Optionally, the processor 1010 is further configured to train the transition image generation model to obtain a trained transition image generation model; the method comprises the steps that a plurality of training samples are obtained, wherein the training samples comprise a first sample image and a second sample image, and the first sample image and the second sample image are provided with class labels; training a rotating field image generation model by using a plurality of training samples; when the total loss of the transition image generation model is reduced to a preset threshold value, finishing training; wherein the total loss of the transition image generation model comprises the loss of the feature extraction network and a weighted sum value for generating the loss of the countermeasure network.
It should be understood that in the embodiment of the present application, the input Unit 1004 may include a Graphics Processing Unit (GPU) 10041 and a microphone 10042, and the Graphics Processing Unit 10041 processes image data of still pictures or videos obtained by an image capturing device (such as a camera) in a video capturing mode or an image capturing mode. The display unit 1006 may include a display panel 10061, and the display panel 10061 may be configured in the form of a liquid crystal display, an organic light emitting diode, or the like. The user input unit 1007 includes at least one of a touch panel 10071 and other input devices 10072. The touch panel 10071 is also referred to as a touch screen. The touch panel 10071 may include two parts, a touch detection device and a touch controller. Other input devices 10072 may include, but are not limited to, a physical keyboard, function keys (e.g., volume control keys, switch keys, etc.), a trackball, a mouse, and a joystick, which are not described in detail herein.

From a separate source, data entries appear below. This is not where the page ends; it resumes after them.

Lemma psi_lift_unique (h : T -> A) (L : A -> A) (K : R[i]) :
  0 <= K -> is_linear L -> (forall a, `|L a| <= K * `|a|) ->
  is_linear h -> continuous h -> (forall a b, h (tp a b) = phi b *: L a) ->
  h = L \o psi.
Proof.
move=> K0 L_lin LK h_lin h_cont h_tp.
apply: (tensor_map_ext (is_bilinear_phi_scale L_lin) _ h_lin h_cont h_tp).
- move=> a b; rewrite normrZ [leRHS]mulrC.
  by apply: ler_pM => //; exact: character_norm_le.
- exact: is_linear_comp.
- exact: continuousT_comp psi_cont (linear_continuous K0 L_lin LK).
- by move=> a b /=; rewrite psi_tp; case: L_lin => _ ->.
Qed.

Lemma psi_mull x (la_x : T -> T) :
  is_linear la_x -> continuous la_x -> (forall b c, la_x (tp b c) = tp (mul x b) c) ->
  psi \o la_x =1 mul x \o psi.
Proof.
move=> la_lin la_cont la_tp; apply/funeqP.
apply: psi_lift_unique (normr_ge0 x) (is_linear_mull x) (mul_norm x)
  (is_linear_comp la_lin psi_linear) (continuousT_comp la_cont psi_cont) _.
by move=> a b /=; rewrite la_tp psi_tp.
Qed.

Lemma psi_mulr y (ra_y : T -> T) :
  is_linear ra_y -> continuous ra_y -> (forall b c, ra_y (tp b c) = tp b (mul c y)) ->
  psi \o ra_y =1 (fun a => phi y *: a) \o psi.
Proof.
move=> ra_lin ra_cont ra_tp; apply/funeqP.
have scale_lin : is_linear (fun a : A => phi y *: a).
  by split=> *; rewrite ?scalerDr ?scalerA // mulrC.
apply: psi_lift_unique (normr_ge0 (phi y)) scale_lin _
  (is_linear_comp ra_lin psi_linear) (continuousT_comp ra_cont psi_cont) _.
- by move=> a; rewrite normrZ.
- by move=> a b /=; rewrite ra_tp psi_tp phiM scalerA.
Qed.

Lemma phi_psi (piA : T -> A) : product_map mul tp piA ->
  forall t, phi (psi t) = phi (piA t).
Proof.
move=> [piA_lin piA_cont piA_tp] t; have [x0 px0] := exists_phi_eq1.
have x0_bound a : `|phi a *: x0| <= `|x0| * `|a|.
  by rewrite normrZ mulrC ler_wpM2l // character_norm_le.
have x0_cont := linear_continuous (normr_ge0 x0) (is_linear_phi_scale x0) x0_bound.
have agree : (fun t => phi (piA t) *: x0) = (fun a => phi a *: x0) \o psi.
  apply: psi_lift_unique (normr_ge0 x0) (is_linear_phi_scale x0) x0_bound _ _ _.
  - exact: is_linear_comp piA_lin (is_linear_phi_scale x0).
  - exact: continuousT_comp piA_cont x0_cont.
  - by move=> a b /=; rewrite piA_tp phiM scalerA mulrC.
by have := congr1 (fun h => phi (h t)) agree; rewrite /= !phiZ px0 !mulr1.
Qed.

End Psi.

Lemma approx_biprojective_left_phi_contractible (la ra : A -> T -> T) (piA : T -> A) :
  left_action mul tp la -> right_action mul tp ra -> product_map mul tp piA ->
  approx_biprojective mul la ra piA -> has_left_approx_identity mul ->
  left_phi_contractible mul phi.
Proof.
move=> LA RA PM [I [le [rho [le_dir rho_bimod rho_cvg]]]].
have [psi [psi_lin psi_cont psi_tp]] := exists_psi.
have [x0 px0] := exists_phi_eq1.
have [i near_x0] := rho_cvg x0 1 ltr01; case: le_dir => _ le_refl _ _.
have [_ _ rho_mod] := rho_bimod i.
apply: (@left_phi_contractible_of_multiplier (psi \o rho i) x0) => //.
- move=> x y /=; rewrite (rho_mod x y).1; have [la_lin la_cont la_tp] := LA x.
  exact: (psi_mull psi_lin psi_cont psi_tp la_lin la_cont la_tp).
- move=> x y /=; rewrite (rho_mod x y).2; have [ra_lin ra_cont ra_tp] := RA y.
  exact: (psi_mulr psi_lin psi_cont psi_tp ra_lin ra_cont ra_tp).
- by rewrite /= (phi_psi psi_lin psi_cont psi_tp PM) (phi_neq0_near px0 (near_x0 i (le_refl i))).
Qed.

End Tensor.
End Character.
End BanachAlgebra.

Section Opposite.
Variables (R : realType) (A T : completeNormedModType R[i]).
Variables (mul : A -> A -> A) (tp : A -> A -> T).

Lemma banach_algebra_op : banach_algebra mul -> banach_algebra (fun a b => mul b a).
Proof.
case=> mul_assoc [mul_linl mul_linr] mul_bound; split=> [a b c | | a b].
- by rewrite mul_assoc.
- by split; [exact: mul_linr | exact: mul_linl].
- by rewrite mulrC.
Qed.

Lemma character_op (phi : A -> R[i]) :
  character mul phi -> character (fun a b => mul b a) phi.
Proof. by case=> phi_lin phiM phi_nz; split=> // a b; rewrite phiM mulrC. Qed.

Lemma proj_tensor_flip : proj_tensor tp -> proj_tensor (fun a b => tp b a).
Proof.
case=> [[tp_linl tp_linr] tp_norm tp_univ]; split=> [| a b | E f M [f_linl f_linr] f_bound].
- by split; [exact: tp_linr | exact: tp_linl].
- by rewrite mulrC.
have [] := tp_univ E (fun a b => f b a) M.
- by split; [exact: f_linr | exact: f_linl].
- by move=> a b; rewrite mulrAC.
move=> g [g_lin g_bound g_tp g_uniq]; exists g; split=> // g' g'_lin g'_cont g'_tp.
by apply: g_uniq => // a b; exact: g'_tp.
Qed.

Lemma left_action_op (ra : A -> T -> T) :
  right_action mul tp ra -> left_action (fun a b => mul b a) (fun a b => tp b a) ra.
Proof. by move=> RA a; have [ra_lin ra_cont ra_tp] := RA a; split=> // b c; exact: ra_tp. Qed.

Lemma right_action_op (la : A -> T -> T) :
  left_action mul tp la -> right_action (fun a b => mul b a) (fun a b => tp b a) la.
Proof. by move=> LA a; have [la_lin la_cont la_tp] := LA a; split=> // b c; exact: la_tp. Qed.

Lemma product_map_op (piA : T -> A) :
  product_map mul tp piA -> product_map (fun a b => mul b a) (fun a b => tp b a) piA.
Proof. by case=> piA_lin piA_cont piA_tp; split=> // a b; exact: piA_tp. Qed.

Lemma approx_biprojective_op (la ra : A -> T -> T) (piA : T -> A) :
  approx_biprojective mul la ra piA ->
  approx_biprojective (fun a b => mul b a) ra la piA.
Proof.
case=> I [le [rho [le_dir rho_bimod rho_cvg]]]; exists I, le, rho; split=> // i.
have [rho_lin rho_cont rho_mod] := rho_bimod i; split=> // a b.
by have [rho_l rho_r] := rho_mod b a; split.
Qed.

End Opposite.

Theorem mainTheorem5 (R : realType) (A : completeNormedModType R[i])
    (mul : A -> A -> A) (T : completeNormedModType R[i]) (tp : A -> A -> T)
    (la ra : A -> T -> T) (piA : T -> A) (phi : A -> R[i]) :
  banach_algebra mul ->
  proj_tensor tp ->
  left_action mul tp la ->
  right_action mul tp ra ->
  product_map mul tp piA ->
  approx_biprojective mul la ra piA ->
  character mul phi ->
  (has_left_approx_identity mul -> left_phi_contractible mul phi) /\
  (has_right_approx_identity mul -> right_phi_contractible mul phi).
Proof.
move=> BA PT LA RA PM AB CH; split.
- exact (approx_biprojective_left_phi_contractible BA CH PT LA RA PM AB).
- exact (approx_biprojective_left_phi_contractible (banach_algebra_op BA)
    (character_op CH) (proj_tensor_flip PT) (left_action_op RA)
    (right_action_op LA) (product_map_op PM) (approx_biprojective_op AB)).
Qed.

The memory 1009 may be used to store software programs as well as various data. The memory 1009 may mainly include a first storage area for storing a program or an instruction and a second storage area for storing data, wherein the first storage area may store an operating system, an application program or an instruction (such as a sound playing function, an image playing function, and the like) required for at least one function, and the like. Further, the memory 1009 may include volatile memory or nonvolatile memory, or the memory 1009 may include both volatile and nonvolatile memory. The non-volatile Memory may be a Read-Only Memory (ROM), a Programmable ROM (PROM), an Erasable PROM (EPROM), an Electrically Erasable PROM (EEPROM), or a flash Memory. The volatile Memory may be a Random Access Memory (RAM), a Static Random Access Memory (Static RAM, SRAM), a Dynamic Random Access Memory (Dynamic RAM, DRAM), a Synchronous Dynamic Random Access Memory (Synchronous DRAM, SDRAM), a Double Data Rate Synchronous Dynamic Random Access Memory (Double Data Rate SDRAM, ddr SDRAM), an Enhanced Synchronous SDRAM (ESDRAM), a Synchronous Link DRAM (SLDRAM), and a Direct Memory bus RAM (DRRAM). The memory 1009 in the embodiments of the present application includes, but is not limited to, these and any other suitable types of memory.

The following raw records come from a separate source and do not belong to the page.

Lemma dotp0l v : dotp 0 v = 0.
Proof. by rewrite /dotp big1 // => i _; rewrite mxE mul0r. Qed.

Lemma dotpp_ge0 u : 0 <= dotp u u.
Proof. by apply: sumr_ge0 => i _; rewrite -expr2 sqr_ge0. Qed.

Lemma dotpp_eq0 u : (dotp u u == 0) = (u == 0).
Proof.
apply/eqP/eqP => [u0|->]; last exact: dotp0l.
apply/rowP => j; rewrite mxE; apply/eqP; rewrite -sqrf_eq0.
by move/eqP: u0; rewrite psumr_eq0 => [/allP/(_ j (mem_index_enum j))|i _];
  rewrite ?sqr_ge0 // -expr2.
Qed.

Lemma enorm_ge0 u : 0 <= enorm u.
Proof. exact: sqrtr_ge0. Qed.

Lemma enorm_sqr u : enorm u ^+ 2 = dotp u u.
Proof. by rewrite sqr_sqrtr ?dotpp_ge0. Qed.

Lemma enormZ a u : enorm (a *: u) = `|a| * enorm u.
Proof. by rewrite /enorm dotpZl dotpZr mulrA -expr2 sqrtrM ?sqr_ge0 ?sqrtr_sqr. Qed.

Lemma enorm_gt0 u : u != 0 -> 0 < enorm u.
Proof. by move=> u0; rewrite sqrtr_gt0 lt_def dotpp_eq0 u0 dotpp_ge0. Qed.

Lemma enorm_sqrZ a u : enorm (a *: u) ^+ 2 = a ^+ 2 * enorm u ^+ 2.
Proof. by rewrite enormZ exprMn real_normK ?num_real. Qed.

(* Cauchy-Schwarz, from || |v| u - |u| v ||^2 >= 0. *)
Lemma dotp_le_enorm u v : dotp u v <= enorm u * enorm v.
Proof.
have [->|/enorm_gt0 nu_gt0] := eqVneq u 0; first by rewrite dotp0l mulr_ge0 ?enorm_ge0.
have [->|/enorm_gt0 nv_gt0] := eqVneq v 0.
  by rewrite dotpC dotp0l mulr_ge0 ?enorm_ge0.
have := dotpp_ge0 (enorm v *: u - enorm u *: v).
rewrite !(dotpBl, dotpBr, dotpZl, dotpZr) (dotpC v u) -!enorm_sqr.
move=> expansion_ge0.
by rewrite -subr_ge0 -(pmulr_rge0 _ (mulr_gt0 nu_gt0 nv_gt0)); nra.
Qed.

Processor 1010 may include one or more processing units; optionally, the processor 1010 integrates an application processor, which primarily handles operations related to the operating system, user interface, and applications, and a modem processor, which primarily handles wireless communication signals, such as a baseband processor. It will be appreciated that the modem processor described above may not be integrated into processor 1010.
The embodiment of the present application further provides a readable storage medium, where a program or an instruction is stored on the readable storage medium, and when the program or the instruction is executed by a processor, the program or the instruction implements each process of the transition video generation method in the embodiment, and can achieve the same technical effect, and in order to avoid repetition, details are not repeated here.
The processor is the processor in the electronic device described in the above embodiment. The readable storage medium includes a computer readable storage medium, such as a computer read only memory ROM, a random access memory RAM, a magnetic or optical disk, and the like.
The embodiment of the present application further provides a chip, where the chip includes a processor and a communication interface, the communication interface is coupled to the processor, and the processor is configured to run a program or an instruction to implement each process of the transition video generation method embodiment, and can achieve the same technical effect, and in order to avoid repetition, the description is omitted here.
It should be understood that the chips mentioned in the embodiments of the present application may also be referred to as system-on-chip, system-on-chip or system-on-chip, etc.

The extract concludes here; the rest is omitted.